US 11,790,550 B2
Learnable cost volume for determining pixel correspondence
Taihong Xiao, Merced, CA (US); Deqing Sun, Cambridge, MA (US); Ming-Hsuan Yang, Cupertino, CA (US); Qifei Wang, Sunnyvale, CA (US); and Jinwei Yuan, Sunnyvale, CA (US)
Assigned to Google LLC, Mountain View, CA (US)
Appl. No. 17/292,647
Filed by Google LLC
PCT Filed Jul. 8, 2020, PCT No. PCT/US2020/041258
§ 371(c)(1), (2) Date May 10, 2021,
PCT Pub. No. WO2022/010476, PCT Pub. Date Jan. 13, 2022.
Prior Publication US 2022/0189051 A1, Jun. 16, 2022
Int. Cl. G06K 9/00 (2022.01); G06T 7/593 (2017.01); G06T 7/215 (2017.01)

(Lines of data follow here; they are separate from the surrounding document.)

Lemma dotpC a b : D a b = D b a.
Proof.
case: altT => /(abelemP (isT : prime 2))[abT _] _ _ _.
have [ta _] := tauP a; have [tb _] := tauP b.
have /(congr1 (fun p : {perm V s} => p 0)) := (centsP abT) _ ta _ tb.
by rewrite !permM !(proj2 (tauP _)) /dotp /circ (addrC a b) => ->.
Qed.

Lemma dotpxx a : D a a = 0.
Proof.
case: altT => /(abelemP (isT : prime 2))[_ expT] _ _ _.
have [ta ta0] := tauP a.
have /(congr1 (fun p : {perm V s} => p 0)) := expT _ ta.
by rewrite expgS expg1 permM perm1 ta0 /dotp /circ => ->; rewrite addvv add0r.
Qed.

Lemma dotp_addr a : {morph D a : x y / x + y}.
Proof. by move=> x y; rewrite dotpC dotp_addl !(dotpC a). Qed.

(* Conjugating tau_b by the xor-translation by a gives tau_(b + D a b). *)
Lemma dotp_dotp x a b : D x (D a b) = 0.
Proof.
case: altT => _ _ _ /(_ a)[n nT nE].
have nVE y : (n^-1)%g y = y + a.
  by apply: (@perm_inj _ n); rewrite permKV nE -addrA addvv addr0.
have [tb _] := tauP b.
have tbJ : tau T (b + D a b) = (tau T b ^ n)%g.
  have tbJT : (tau T b ^ n)%g \in T by rewrite memJ_norm.
  by rewrite -(tau_uniq tbJT) conjgE !permM nVE add0r nE tauE; congr (tau T _); f2_vec.
have /(congr1 (fun p : {perm V s} => p x)) := tbJ.
rewrite conjgE !permM nVE nE !tauE (dotp_addr x b) dotp_addl.
set r := D a b; set t := D x r; set p := D x b => E.
have L : x + (b + r) + (p + t) = (x + b + r + p) + t by f2_vec.
have R : x + a + b + (p + r) + a = (x + b + r + p) + 0 by f2_vec.
by apply: (addrI (x + b + r + p)); rewrite -L E R.
Qed.

Lemma tauJ_dotp (g : {perm V s}) b : {morph g : x y / x + y} ->
  (tau T b ^ g)%g = tau T (g b) <-> forall z, g (D z b) = D (g z) (g b).
Proof.
move=> gD; have tauJE z : (tau T b ^ g)%g (g z) = g (z + b + D z b).
  by rewrite conjgE !permM permK tauE.
split=> [tbJ z | gDb].
  by have := tauJE z; rewrite tbJ tauE 2!gD => /addrI ->.
by apply/permP => y; rewrite -(permKV g y) tauJE tauE 2!gD gDb.
Qed.

Lemma Hcirc_dotp : Hcirc T = HB D.
Proof.
apply/setP => g; rewrite !in_setI; apply/andb_id2l => gGL.
have gD := (GLpE g).1 gGL.
rewrite !inE (additive0 gD) eqxx andbT; apply/idP/forallP => [gN a | gDb].
  apply/forallP => b; apply/eqP.
  have tbJT : (tau T b ^ g)%g \in T by rewrite memJ_norm ?inE // (tauP b).1.
  have tbJ : (tau T b ^ g)%g = tau T (g b).
    by rewrite -(tau_uniq tbJT) conjgE !permM (additive0 (additive_perm_inv gD)) (tauP b).2.
  exact: (tauJ_dotp b gD).1 tbJ a.
apply/subsetP => _ /imsetP[t tT ->]; rewrite -(tau_uniq tT).
rewrite (proj2 (tauJ_dotp _ gD)); first exact: (tauP _).1.
by move=> z; apply/eqP/(forallP (gDb z)).
Qed.

Lemma Wsp_dotp : Wsp T = WB D.
Proof.
rewrite /Wsp /WB; suff -> : Wcirc T = [set k | [forall x, D x k == 0]] by [].
apply/setP => k; rewrite !inE; apply/eq_forallb => x; rewrite /dotp.
apply/eqP/eqP => [-> | Dxk]; first by rewrite addvv.
move/rowP: Dxk => Dxk; apply/rowP => j; move: (Dxk j); rewrite !mxE => Dxkj.
by rewrite -[LHS]addr0 -Dxkj; f2.
Qed.

End AltOp.

Section Planes.
Variable s : nat.
Implicit Types (a b x y z : V s) (H : {set {perm V s}}).

Definition in_plane a b z := z = 0 \/ z = a \/ z = b \/ z = a + b.

Definition stab_plane H := exists a b,
  [/\ a != 0, b != 0, a != b & forall h, h \in H -> in_plane a b (h a) /\ in_plane a b (h b)].

Lemma in_plane_add a b y z : in_plane a b y -> in_plane a b z -> in_plane a b (y + z).
Proof.
rewrite /in_plane => Py Pz.
by case: Py => [->|[->|[->|->]]]; case: Pz => [->|[->|[->|->]]];
  first [ left; f2_vec | right; left; f2_vec
        | right; right; left; f2_vec | right; right; right; f2_vec ].
Qed.
(* Let $p$ be a prime, $m,t\ge1$, $R^t=\mathbb{F}_{p^m}[u]/\langle u^t\rangle$, $\omega(x)=\omega_0(x)+u\omega_1(x)+\dots+u^{t-1}\omega_{t-1}(x)\in R^t[x]$ with $\omega_i(x)\in\mathbb{F}_{p^m}[x]$, and $R^{t,\omega}=R^t[x]/\langle\omega(x)\rangle$. Let $\omega_0(x)=v_1(x)^{n_1}v_2(x)^{n_2}\cdots v_l(x)^{n_l}$ be the factorization of $\omega_0(x)$ into irreducible polynomials $v_i(x)\in\mathbb{F}_{p^m}[x]$ with positive integers $n_i$. Then every ideal of $R^{t,\omega}$ not contained in $\langle u\rangle$ can be expressed as $$\langle v_1(x)^{k_1}v_2(x)^{k_2}\cdots v_l(x)^{k_l}+u\,r(x)\rangle+J,$$ where $r(x)\in R^{t,\omega}$, $J$ is an ideal of $R^{t,\omega}$ contained in $\langle u\rangle$, and $0\le k_i\le n_i$ for $1\le i\le l$, not all $k_i=n_i$.
   Context: Elements of $\mathbb{F}_{p^m}[x]$ are regarded as elements of $R^{t,\omega}$ via the natural inclusion $\mathbb{F}_{p^m}\subseteq R^t$. *)

From HB Require Import structures.
From mathcomp Require Import all_boot all_order all_algebra all_field.
Set Implicit Arguments. Unset Strict Implicit. Unset Printing Implicit Defensive.
Import GRing.Theory.
Local Open Scope ring_scope.

Definition is_ideal (S : comPzRingType) (I : S -> Prop) : Prop :=
  [/\ I 0, (forall a b, I a -> I b -> I (a + b)) & (forall r a, I a -> I (r * a))].

Definition principal_ideal (S : comPzRingType) (a : S) : S -> Prop :=
  fun x => exists r : S, x = r * a.

Definition ideal_add (S : comPzRingType) (I J : S -> Prop) : S -> Prop :=
  fun x => exists a b, [/\ I a, J b & x = a + b].

Definition ideal_sub (S : comPzRingType) (I J : S -> Prop) : Prop :=
  forall x, I x -> J x.

Definition ideal_eq (S : comPzRingType) (I J : S -> Prop) : Prop :=
  forall x, I x <-> J x.

Definition is_quotient_map (A : comNzRingType) (S : comPzRingType)
  (pi : {rmorphism A -> S}) (a : A) : Prop :=
  (forall s : S, exists f : A, pi f = s) /\
  (forall f : A, pi f = 0 <-> exists g : A, f = g * a).

From HB Require Import structures.
From mathcomp Require Import all_boot all_order all_algebra all_field.
From Stdlib Require Import Classical.
From mathcomp Require Import ring.
Set Implicit Arguments.
Unset Strict Implicit.
Import GRing.Theory.
Local Open Scope ring_scope.

(* Reduce modulo u.  The polynomials f in F[x] with f + u s in I for some s
   form an ideal of F[x], and it contains omega_0 because omega = omega_0 mod u.
   An ideal of F[x] containing prod v_i^(n_i) is generated by some
   prod v_i^(k_i) with k <= n: take one of minimal exponent sum in it; if it
   failed to divide a member f, some v_i^(k_i) would not divide f, and a Bezout
   combination of f and v_i^(k_i) would lower the exponent k_i.  With
   a = prod v_i^(k_i) + u r in I, every element of I is q a + u s, so
   I = <a> + (I meet <u>); and k = n would force I inside <u>. *)

Section PolyDivisibility.
Variable F : fieldType.
Implicit Types (a c f v : {poly F}).

Lemma dvdp_irredp_expS v k c : irreducible_poly v ->
  c %| v ^+ k.+1 -> ~~ (v ^+ k.+1 %| c) -> c %| v ^+ k.
Proof.
move=> irr_v; have v_neq0 := irredp_neq0 irr_v.
have cop_or_dvd c' : coprimep c' v || (v %| c').
  have [gcd_1|gcd_v] := irredp_XsubCP irr_v (dvdp_gcdr c' v).
    by rewrite -gcdp_eqp1 gcd_1.
  by rewrite -(eqp_dvdl _ gcd_v) dvdp_gcdl orbT.
have coprime_case c' k' : coprimep c' v -> c' %| v ^+ k'.+1 -> c' %| v ^+ k'.
  move=> cop; rewrite -[v ^+ k'.+1]mul1r Gauss_dvdpl ?coprimep_expr //.
  by move/dvdp_trans; apply; apply: dvd1p.
elim: k c => [|k IHk] c c_dvd c_ndvd.
all: case/orP: (cop_or_dvd c) => [cop|]; first exact: coprime_case cop c_dvd.
all: rewrite dvdp_eq => /eqP cE.
  by rewrite cE expr1 dvdp_mulIr in c_ndvd.
move: c_dvd c_ndvd; rewrite cE [v ^+ k.+1]exprSr [v ^+ k.+2]exprSr.
by rewrite !dvdp_mul2r //; apply: IHk.
Qed.

Lemma coprimep_prodr (I : eqType) (w : I -> {poly F}) a (s : seq I) :
  (forall i, i \in s -> coprimep a (w i)) -> coprimep a (\prod_(i <- s) w i).
Proof.
move=> cop; rewrite big_seq; apply: (big_ind (coprimep a)) => [|x y cx cy|i /cop //].
  exact: coprimep1.
by rewrite coprimepMr cx cy.
Qed.

Lemma dvdp_prod_coprime (I : eqType) (w : I -> {poly F}) f (s : seq I) :
  uniq s -> (forall i j, i != j -> coprimep (w i) (w j)) ->
  (forall i, i \in s -> w i %| f) -> \prod_(i <- s) w i %| f.
Proof.
move=> + cop; elim: s => [|i s IHs] /=; first by rewrite big_nil dvd1p.
case/andP=> i_notin_s s_uniq dvd; rewrite big_cons Gauss_dvdp.
  rewrite dvd ?mem_head // IHs // => j j_s.
  by apply: dvd; rewrite in_cons j_s orbT.
by apply: coprimep_prodr => j j_s; apply: cop; apply: contraNneq i_notin_s => ->.
Qed.

End PolyDivisibility.

Lemma is_ideal_principal (S : comPzRingType) (a : S) : is_ideal (principal_ideal a).
Proof.
split; first by exists 0; rewrite mul0r.
  by move=> _ _ [x ->] [y ->]; exists (x + y); rewrite mulrDl.
by move=> r _ [x ->]; exists (r * x); rewrite mulrA.
Qed.

Lemma is_idealI (S : comPzRingType) (I J : S -> Prop) :
  is_ideal I -> is_ideal J -> is_ideal (fun x => I x /\ J x).
Proof.
case=> I0 IA IM [J0 JA JM].
by split=> [//|a b [Ia Ja] [Ib Jb]|r a [Ia Ja]]; split; auto.
Qed.

Lemma ideal_eq_add_principal_meet (S : comPzRingType) (I : S -> Prop) (a u : S) :
  is_ideal I -> I a -> (forall x, I x -> exists q s, x = q * a + u * s) ->
  ideal_eq I (ideal_add (principal_ideal a) (fun x => I x /\ principal_ideal u x)).
Proof.
case=> _ IA IM Ia span x; split; last first.
  by case=> _ [z [[q ->] [Iz _] ->]]; apply: IA (IM q _ Ia) Iz.
move=> Ix; have [q [s xE]] := span x Ix.
exists (q * a), (u * s); split=> //; first by exists q.
split; last by exists s; rewrite mulrC.
have -> : u * s = x + -1 * (q * a) by rewrite xE; ring.
exact: IA Ix (IM _ _ (IM _ _ Ia)).
Qed.

Section PolyIdeal.
Variables (F : fieldType) (D : {poly F} -> Prop).
Hypothesis D_ideal : is_ideal D.

Lemma ideal_dvdp f g : D f -> f %| g -> D g.
Proof. by case: D_ideal => _ _ DM Df; rewrite dvdp_eq => /eqP ->; apply: DM. Qed.

Lemma ideal_gcdp f g : D f -> D g -> D (gcdp f g).
Proof.
case: D_ideal => _ DA DM Df Dg; have [[a b] /= bezout] := Bezoutp f g.
by apply: ideal_dvdp (DA _ _ (DM a _ Df) (DM b _ Dg)) _; rewrite (eqp_dvdl _ bezout).
Qed.

Variables (l : nat) (v : 'I_l -> {poly F}).
Hypotheses (v_irr : forall i, irreducible_poly (v i))
           (v_cop : forall i j, i != j -> coprimep (v i) (v j)).

Lemma dvdp_prod_pow k f :
  (forall i, v i ^+ k i %| f) -> \prod_(i < l) v i ^+ k i %| f.
Proof.
move=> dvd; apply: dvdp_prod_coprime (index_enum_uniq _) _ (fun i _ => dvd i).
by move=> i j /v_cop/coprimep_expl/coprimep_expr.
Qed.

Lemma ideal_prod_pow_descent k f :
  D (\prod_(i < l) v i ^+ k i) -> D f -> ~~ (\prod_(i < l) v i ^+ k i %| f) ->
  exists k', [/\ forall i, (k' i <= k i)%N,
                 (\sum_(i < l) k' i < \sum_(i < l) k i)%N
               & D (\prod_(i < l) v i ^+ k' i)].
Proof.
move=> Dk Df k_ndvd; case: (D_ideal) => _ _ DM.
have /existsP[i vi_ndvd] : [exists i, ~~ (v i ^+ k i %| f)].
  by rewrite -negb_forall; apply: contra k_ndvd => /forallP; apply: dvdp_prod_pow.
have ki_gt0 : (0 < k i)%N.
  by rewrite lt0n; apply: contra vi_ndvd => /eqP ->; rewrite expr0 dvd1p.
pose M := \prod_(j < l | j != i) v j ^+ k j.
pose k' j := if j == i then (k i).-1 else k j.
have k'_out j : j != i -> k' j = k j by rewrite /k' => /negPf ->.
exists k'; split.
- by move=> j; rewrite /k'; case: eqP => [->|]; first exact: leq_pred.
- rewrite (bigD1 i) // [X in (_ < X)%N](bigD1 i) //= (eq_bigr k k'_out).
  by rewrite ltn_add2r /k' eqxx ltn_predL.
rewrite (bigD1 i) //= (eq_bigr (fun j => v j ^+ k j)) => [|j /k'_out -> //].
rewrite /k' eqxx -/M.
have DgcdM : D (gcdp f (v i ^+ k i) * M).
  apply: ideal_dvdp (ideal_gcdp (DM M f Df) Dk) _.
  by rewrite (bigD1 i) //= -/M mulrC (eqp_dvdr _ (mulp_gcdl _ _ _)).
apply: ideal_dvdp DgcdM _; apply: dvdp_mul (dvdpp M).
apply: dvdp_irredp_expS (v_irr i) _ _; rewrite prednK //; first exact: dvdp_gcdr.
by apply: contra vi_ndvd => /dvdp_trans; apply; apply: dvdp_gcdl.
Qed.

Lemma ideal_prod_pow_generator n :
  D (\prod_(i < l) v i ^+ n i) ->
  exists k, [/\ forall i, (k i <= n i)%N, D (\prod_(i < l) v i ^+ k i)
              & forall f, D f -> \prod_(i < l) v i ^+ k i %| f].
Proof.
suff: forall N k, (\sum_(i < l) k i)%N = N -> (forall i, (k i <= n i)%N) ->
    D (\prod_(i < l) v i ^+ k i) ->
  exists k', [/\ forall i, (k' i <= n i)%N, D (\prod_(i < l) v i ^+ k' i)
               & forall f, D f -> \prod_(i < l) v i ^+ k' i %| f].
  by move/(_ _ n erefl (fun i => leqnn _)).
elim/ltn_ind=> N IHN k sum_k k_le Dk.
case: (classic (forall f, D f -> \prod_(i < l) v i ^+ k i %| f)) => [gen|].
  by exists k.
move=> /not_all_ex_not[f /(imply_to_and (D f))[Df /negP k_ndvd]].
have [k' [k'_le sum_lt Dk']] := ideal_prod_pow_descent Dk Df k_ndvd.
apply: (IHN _ _ k' erefl) => // [|i]; first by rewrite -sum_k.
exact: leq_trans (k'_le i) (k_le i).
Qed.

End PolyIdeal.

Section ResidueIdeal.
Variables (F : fieldType) (S : comPzRingType) (u : S) (e : {rmorphism {poly F} -> S}).
Hypothesis decomp_mod_u : forall s : S, exists f s', s = e f + u * s'.
Variable I : S -> Prop.
Hypothesis I_ideal : is_ideal I.

Definition residue_ideal : {poly F} -> Prop := fun f => exists s, I (e f + u * s).

Lemma residue_ideal_is_ideal : is_ideal residue_ideal.
Proof.
case: I_ideal => I0 IA IM; split.
- by exists 0; rewrite rmorph0 mulr0 addr0.
- move=> f g [s Is] [s' Is']; exists (s + s'); rewrite rmorphD.
  by have := IA _ _ Is Is'; congr I; ring.
- move=> q f [s Is]; exists (e q * s); rewrite rmorphM.
  by have := IM (e q) _ Is; congr I; ring.
Qed.

Lemma residue_ideal_principal f : principal_ideal u (e f) -> residue_ideal f.
Proof.
case: I_ideal => I0 _ _ [s fE]; exists (- s).
by rewrite fE mulrN mulrC subrr.
Qed.

Lemma residue_generator_span g r x :
  (forall f, residue_ideal f -> g %| f) -> I x ->
  exists q s, x = q * (e g + u * r) + u * s.
Proof.
move=> g_gen Ix; have [f [s xE]] := decomp_mod_u x.
have : g %| f by apply: g_gen; exists s; rewrite -xE.
rewrite dvdp_eq => /eqP fE.
exists (e (f %/ g)), (s - e (f %/ g) * r).
by rewrite xE {1}fE rmorphM; ring.
Qed.

Lemma residue_generator_sub_principal g :
  principal_ideal u (e g) -> (forall f, residue_ideal f -> g %| f) ->
  ideal_sub I (principal_ideal u).
Proof.
move=> [s0 gE] g_gen x /(residue_generator_span 0 g_gen) [q [s ->]].
by exists (q * s0 + s); rewrite gE; ring.
Qed.

End ResidueIdeal.

Lemma poly_decomp_mod_u (K : nzRingType) (Rt : comNzRingType)
    (piu : {rmorphism {poly K} -> Rt}) :
  (forall c : Rt, exists d, piu d = c) ->
  forall P : {poly Rt}, exists f Q, P = map_poly (piu \o polyC) f + (piu 'X)%:P * Q.
Proof.
move=> piu_surj; elim/poly_ind => [|P c [f [Q ->]]].
  by exists 0, 0; rewrite rmorph0 mulr0 addr0.
have [d <-] := piu_surj c.
have [d1 [d0 ->]] : exists d1 d0, d = d1 * 'X + d0%:P.
  by elim/poly_ind: d => [|d1 d0 _]; [exists 0, 0; rewrite mul0r polyC0 addr0|exists d1, d0].
exists (f * 'X + d0%:P), (Q * 'X + (piu d1)%:P).
by rewrite !rmorphD !rmorphM /= map_polyX map_polyC /=; ring.
Qed.

Lemma sum_pow_mul_recl (R : pzSemiRingType) (x : R) (q : nat -> R) t :
  \sum_(i < t.+1) x ^+ i * q i = q 0%N + x * \sum_(i < t) x ^+ i * q i.+1.
Proof.
rewrite big_ord_recl expr0 mul1r mulr_sumr; congr (_ + _).
by apply: eq_bigr => i _; rewrite exprS mulrA.
Qed.

Lemma head_mem_principal (R : pzRingType) (S : comPzRingType)
    (phi : {rmorphism R -> S}) (x : R) (q : nat -> R) t :
  phi (\sum_(i < t.+1) x ^+ i * q i) = 0 -> principal_ideal (phi x) (phi (q 0%N)).
Proof.
rewrite sum_pow_mul_recl rmorphD rmorphM => /eqP; rewrite addr_eq0 => /eqP ->.
by exists (- phi (\sum_(i < t) x ^+ i * q i.+1)); rewrite mulNr mulrC.
Qed.

Theorem lemma3p1
  (p m t : nat) (F : finFieldType)
  (hp : prime p) (hm : (1 <= m)%N) (ht : (1 <= t)%N)
  (hF : #|F| = (p ^ m)%N)
  (* R^t = F[u]/<u^t>, realized by the quotient map piu : F[u] -> R^t *)
  (Rt : comNzRingType) (piu : {rmorphism {poly F} -> Rt})
  (hRt : is_quotient_map piu ('X ^+ t))
  (* omega(x) = sum_{i<t} u^i omega_i(x), omega_i in F[x] *)
  (om : nat -> {poly F})
  (* R^{t,omega} = R^t[x]/<omega(x)>, realized by the quotient map piw *)
  (S : comPzRingType) (piw : {rmorphism {poly Rt} -> S})
  (hS : is_quotient_map piw
          (\sum_(i < t) (piu 'X ^+ i)%:P * map_poly (fun c => piu c%:P) (om i)))
  (* factorization of omega_0 into irreducibles *)
  (l : nat) (v : 'I_l -> {poly F}) (n : 'I_l -> nat)
  (hv_irr : forall i, irreducible_poly (v i))
  (hv_cop : forall i j, i != j -> coprimep (v i) (v j))
  (hn : forall i, (0 < n i)%N)
  (hfact : om 0%N = \prod_(i < l) v i ^+ n i) :
  let uS : S := piw (piu 'X)%:P in
  let embS : {poly F} -> S := fun q => piw (map_poly (fun c => piu c%:P) q) in
  forall I : S -> Prop, is_ideal I ->
    ~ ideal_sub I (principal_ideal uS) ->
    exists (k : 'I_l -> nat) (r : S) (J : S -> Prop),
      [/\ is_ideal J, ideal_sub J (principal_ideal uS),
          (forall i, (k i <= n i)%N), ~ (forall i, k i = n i) &
          ideal_eq I (ideal_add
             (principal_ideal (embS (\prod_(i < l) v i ^+ k i) + uS * r)) J)].
Proof.
move=> uS embS I I_ideal I_not_sub.
pose e : {rmorphism {poly F} -> S} := (piw \o map_poly (piu \o polyC))%FUN.
have decomp s : exists f s', s = e f + uS * s'.
  have [P <-] := hS.1 s; have [f [Q ->]] := poly_decomp_mod_u hRt.1 P.
  by exists f, (piw Q); rewrite rmorphD rmorphM.
have om0_u : principal_ideal uS (e (om 0%N)).
  move: hS; rewrite -(prednK ht) => -[_ omega_ker].
  apply: (head_mem_principal (q := fun i => map_poly (piu \o polyC) (om i))).
  apply/omega_ker; exists 1; rewrite mul1r.
  by apply: eq_bigr => i _; rewrite rmorphXn.
have Dn : residue_ideal uS e I (\prod_(i < l) v i ^+ n i).
  by rewrite -hfact; apply: residue_ideal_principal.
have [k [k_le Dk k_gen]] :=
  ideal_prod_pow_generator (residue_ideal_is_ideal uS e I_ideal) hv_irr hv_cop Dn.
have [r Ir] := Dk.
exists k, r, (fun x => I x /\ principal_ideal uS x); split=> //.
- exact: is_idealI I_ideal (is_ideal_principal uS).
- by move=> x [].
- move=> k_eq_n; apply/I_not_sub/(residue_generator_sub_principal decomp _ k_gen).
  by under eq_bigr do rewrite k_eq_n; rewrite -hfact.
- apply: ideal_eq_add_principal_meet Ir _ => // x.
  exact: (residue_generator_span decomp r k_gen).
Qed.
Lemma cell_integral_error f p eta m t :
  (forall a b, 0 <= a <= b -> b <= 1 -> ex_RInt f a b) -> (forall a b, ex_RInt p a b) ->
  (forall x, 0 <= x <= 1 -> Rabs (f x - p x) <= eta) -> (1 <= t <= m)%nat ->
  Rabs (Defs.RInt f ((INR t - 1) / INR m) (INR t / INR m) - cell_integral p m (INR t))
    <= eta / INR m.
Proof.
  intros Hf Hp Happrox Ht.
  assert (HM : 0 < INR m) by (apply lt_0_INR; lia).
  assert (Ht1 : 1 <= INR t) by (apply (le_INR 1); lia).
  assert (HtM : INR t <= INR m) by (apply le_INR; lia).
  unfold cell_integral.
  set (a := (INR t - 1) / INR m). set (b := INR t / INR m).
  assert (Ha : 0 <= a) by (apply Rmult_le_pos; [lra | left; apply Rinv_0_lt_compat; auto]).
  assert (Hba : b - a = / INR m) by (unfold a, b; field; lra).
  assert (Hb : b <= 1).
  { apply Rmult_le_reg_r with (INR m); auto. unfold b, Rdiv.
    rewrite Rmult_assoc, Rinv_l by lra. lra. }
  assert (Hab : a <= b) by (pose proof (Rinv_0_lt_compat _ HM); lra).
  assert (Hfab : ex_RInt f a b) by (apply Hf; lra).
  rewrite RInt_statement_eq by exact Hfab.
  change (Rabs (minus (RInt f a b) (RInt p a b)) <= eta / INR m).
  rewrite <- (RInt_minus f p a b Hfab (Hp a b)).
  replace (eta / INR m) with ((b - a) * eta) by (rewrite Hba; field; lra).
  apply abs_RInt_le_const; [lra | apply (ex_RInt_minus f p a b Hfab (Hp a b)) |].
  intros x Hx. apply Happrox. lra.
Qed.

Lemma block_integral_error f p eta m L :
  (forall a b, 0 <= a <= b -> b <= 1 -> ex_RInt f a b) -> (forall a b, ex_RInt p a b) ->
  (forall x, 0 <= x <= 1 -> Rabs (f x - p x) <= eta) -> (1 <= m)%nat ->
  NoDup L -> (forall t, In t L -> (1 <= t <= m)%nat) ->
  Rabs (block_integral f m L - lsum (cell_integral p m) L) <= eta.
Proof.
  intros Hf Hp Happrox Hm Hnd Hin.
  assert (HM : 0 < INR m) by (apply lt_0_INR; lia).
  assert (Heta : 0 <= eta).
  { eapply Rle_trans; [apply Rabs_pos | apply (Happrox 0); lra]. }
  rewrite block_integral_lsum, <- lsum_minus.
  eapply Rle_trans.
  - apply (lsum_bound _ _ (eta / INR m)). intros t Ht.
    apply cell_integral_error; auto.
  - pose proof (le_INR _ _ (length_NoDup_range m L Hnd Hin)).
    replace eta with (INR m * (eta / INR m)) at 2 by (field; lra).
    apply Rmult_le_compat_r; [apply Rmult_le_pos; [lra | left; apply Rinv_0_lt_compat; lra] | auto].
Qed.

CPC G06T 7/593 (2017.01) [G06T 7/215 (2017.01); G06T 2207/10012 (2013.01); G06T 2207/20081 (2013.01)] 20 Claims
OG exemplary drawing
 
1. A computer-implemented method comprising:
obtaining (i) a first plurality of feature vectors associated with a first image and (ii) a second plurality of feature vectors associated with a second image;
generating a plurality of transformed feature vectors by transforming each respective feature vector of the first plurality of feature vectors by a kernel matrix trained to define an elliptical inner product space;
generating a cost volume by determining, for each respective transformed feature vector of the plurality of transformed feature vectors, a plurality of inner products, wherein each respective inner product of the plurality of inner products is between the respective transformed feature vector and a corresponding candidate feature vector of a corresponding subset of the second plurality of feature vectors; and
determining, based on the cost volume, a pixel correspondence between the first image and the second image.